- **Records provided**

Lemma npattern_rec k : k * npattern k + S * npattern k.+1 = S * npattern k.
Proof.
rewrite /npattern; case: (ltnP k S) => [lt_kS | le_Sk].
  rewrite ffactnSr.
  have -> : S - k = (S - k.+1).+1 by lia.
  have def_S : S = k + (S - k.+1).+1 by lia.
  rewrite expnS; move: (S ^_ k) (S ^ (S - k.+1)) def_S => F P.
  move: (S - k.+1) => d def_S; rewrite [in LHS]def_S [in RHS]def_S; nia.
rewrite (@ffact_small S k.+1) ?ltnS // mul0n muln0 addn0.
case: (ltnP S k) => [lt_Sk | le_kS]; first by rewrite ffact_small // !mul0n !muln0.
by have -> : k = S by lia.
Qed.

Lemma npattern_large : npattern S.+1 = 0.
Proof. by rewrite /npattern ffact_small. Qed.

Lemma sum_k_npattern_tail n :
  \sum_(m < n) m.+1 * npattern m.+1 + S * npattern n.+1 = S * npattern 1.
Proof.
elim: n => [|n IHn]; first by rewrite big_ord0.
by rewrite big_ord_recr /= -addnA npattern_rec.
Qed.

Lemma sum_k2_npattern_tail n :
  \sum_(m < n) m.+1 * m.+1 * npattern m.+1 + S * n * npattern n.+1 =
  S * \sum_(m < n) npattern m.+1.
Proof.
elim: n => [|n IHn]; first by rewrite !big_ord0 !muln0.
rewrite !big_ord_recr /=; have := npattern_rec n.+1; move: IHn.
move: (npattern n.+1) (npattern n.+2) (\sum_(i < n) i.+1 * i.+1 * npattern i.+1)
  (\sum_(i < n) npattern i.+1) => a b s t; nia.
Qed.

Lemma sum_k_npattern : \sum_(m < S) m.+1 * npattern m.+1 = S * S ^ S.
Proof.
have := sum_k_npattern_tail S; rewrite npattern_large muln0 addn0 => ->.
rewrite /npattern ffactn1; case: S => // n; by rewrite subn1 /= -expnS.
Qed.

Lemma sum_k2_npattern :
  \sum_(m < S) m.+1 * m.+1 * npattern m.+1 = S * \sum_(m < S) npattern m.+1.
Proof. by have := sum_k2_npattern_tail S; rewrite npattern_large muln0 addn0. Qed.

(** * Walks traced by orbits *)

(* [rho_next m j] is the rho-shaped walk w_0 -> ... -> w_m -> w_j (a cycle when
   [j = 0]); [two_cycles_next n p] is the pair of cycles w_0 -> ... -> w_p -> w_0
   and w_(p+1) -> ... -> w_n -> w_(p+1). *)
Definition rho_next m j i := if i == m then j else i.+1.
Definition two_cycles_next n p i := if i == p then 0 else if i == n then p.+1 else i.+1.

Lemma rho_next_lt m j i : j <= m -> i <= m -> rho_next m j i < m.+1.
Proof. by rewrite /rho_next; case: eqP; lia. Qed.

Lemma two_cycles_next_lt n p i : p < n -> i <= n -> two_cycles_next n p i < n.+1.
Proof. by rewrite /two_cycles_next; do 2?case: ifP => /eqP; lia. Qed.

Section Orbits.
Variable f : endo.

Lemma iter_order_on_cycle x : on_cycle f x -> iter (order f x) f x = x.
Proof. by move=> x_cyc; apply/(orbitPcycle 2 4). Qed.

Lemma order_pred_lt x : (order f x).-1 < S.
Proof. by rewrite orderSpred; apply: leq_trans (max_card _) _; rewrite card_ord. Qed.

Lemma Ccount_sum : Ccount f = \sum_y on_cycle f y.
Proof. by rewrite /Ccount -sum1_card big_mkcond; apply: eq_bigr => y _; rewrite inE. Qed.

Lemma size_orbit_pred x : size (orbit f x) == (order f x).-1.+1.
Proof. by rewrite size_orbit orderSpred. Qed.

Definition orbit_tuple x := Tuple (size_orbit_pred x).

Lemma nth_orbit x d i : i < order f x -> nth d (orbit f x) i = iter i f x.
Proof. by move=> i_lt; rewrite (set_nth_default x) ?nth_traject ?size_orbit. Qed.
Lemma gcdn_prod_expb {s : seq nat} (b1 b2 : pred nat) : uniq s -> all prime s ->
  gcdn (\prod_(p <- s) p ^ b1 p) (\prod_(p <- s) p ^ b2 p)
  = \prod_(p <- s) p ^ (b1 p && b2 p).
Proof.
move=> s_uniq s_pr; rewrite [LHS](divisor_prod_primesE _ s_uniq s_pr); last first.
  by rewrite (dvdn_trans (dvdn_gcdl _ _)) // -(prod_expbC s b1) dvdn_mulr.
apply: eq_big_seq => p p_s; have p_pr := allP s_pr p p_s.
by rewrite dvdn_gcd !prime_dvd_prod_expb // p_s.
Qed.

Lemma divisors_mul_prime {q k : nat} : prime q -> 0 < k -> ~~ (q %| k) ->
  perm_eq (divisors (q * k)) (divisors k ++ [seq q * d | d <- divisors k]).
Proof.
move=> q_pr k_gt0 q_ndvd; have q_gt0 := prime_gt0 q_pr.
apply: uniq_perm => [|| n]; first exact: divisors_uniq.
  rewrite cat_uniq divisors_uniq map_inj_uniq ?divisors_uniq => [|d e /eqP]; last first.
    by rewrite eqn_pmul2l // => /eqP.
  rewrite andbT; apply/hasPn => _ /mapP[d _ ->].
  by rewrite -dvdn_divisors //; apply: contra q_ndvd; apply: dvdn_trans (dvdn_mulr _ _).
rewrite mem_cat -!dvdn_divisors ?muln_gt0 ?q_gt0 //.
apply/idP/orP => [n_dvd | [n_dvd | /mapP[d d_dvd ->]]].
- have [/dvdnP[m n_eq] | q_ndvd_n] := boolP (q %| n).
    right; apply/mapP; exists m; last by rewrite n_eq mulnC.
    by rewrite -dvdn_divisors // -(dvdn_pmul2l q_gt0) -[q * m]mulnC -n_eq.
  by left; rewrite -(Gauss_dvdr _ (_ : coprime n q)) // coprime_sym prime_coprime.
- exact: dvdn_mull.
by rewrite dvdn_pmul2l // dvdn_divisors.
Qed.

Local Open Scope ring_scope.

Lemma sum_divisors_prod_primes {R : comPzSemiRingType} (F : nat -> bool -> R)
    {s : seq nat} : uniq s -> all prime s ->
  \sum_(d <- divisors (\prod_(p <- s) p)) \prod_(p <- s) F p (p %| d)%N
  = \prod_(p <- s) (F p false + F p true).
Proof.
elim: s => [|q s IHs] /=; first by rewrite !big_nil big_seq1 big_nil.
case/andP=> q_s s_uniq /andP[q_pr s_pr].
have k_gt0 := prod_primes_gt0 s_pr.
have q_ndvd : ~~ (q %| \prod_(p <- s) p)%N by rewrite prime_dvd_prod.
rewrite big_cons (perm_big _ (divisors_mul_prime q_pr k_gt0 q_ndvd)) big_cat big_map /=.
rewrite big_cons mulrDl -IHs // !big_distrr /=.
congr (_ + _); apply: eq_big_seq => d; rewrite -dvdn_divisors // => d_dvd; rewrite big_cons.
  by rewrite (contraNF (fun q_dvd_d => dvdn_trans q_dvd_d d_dvd) q_ndvd).
rewrite dvdn_mulr //; congr (_ * _); apply: eq_big_seq => p p_s.
by rewrite (dvdn_prime_mull d (allP s_pr p p_s) q_pr) //; apply: contraNneq q_s => <-.
Qed.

- **To do**
For this task, write out exactly the lines of the entries above, starting at the line with "Proof. by rewrite /npattern ffact_small. Qed." and ending at the line with "Lemma sum_k2_npattern_tail n", both included, and no others.

- **Solved problem**
Proof. by rewrite /npattern ffact_small. Qed.

Lemma sum_k_npattern_tail n :
  \sum_(m < n) m.+1 * npattern m.+1 + S * npattern n.+1 = S * npattern 1.
Proof.
elim: n => [|n IHn]; first by rewrite big_ord0.
by rewrite big_ord_recr /= -addnA npattern_rec.
Qed.

Lemma sum_k2_npattern_tail n :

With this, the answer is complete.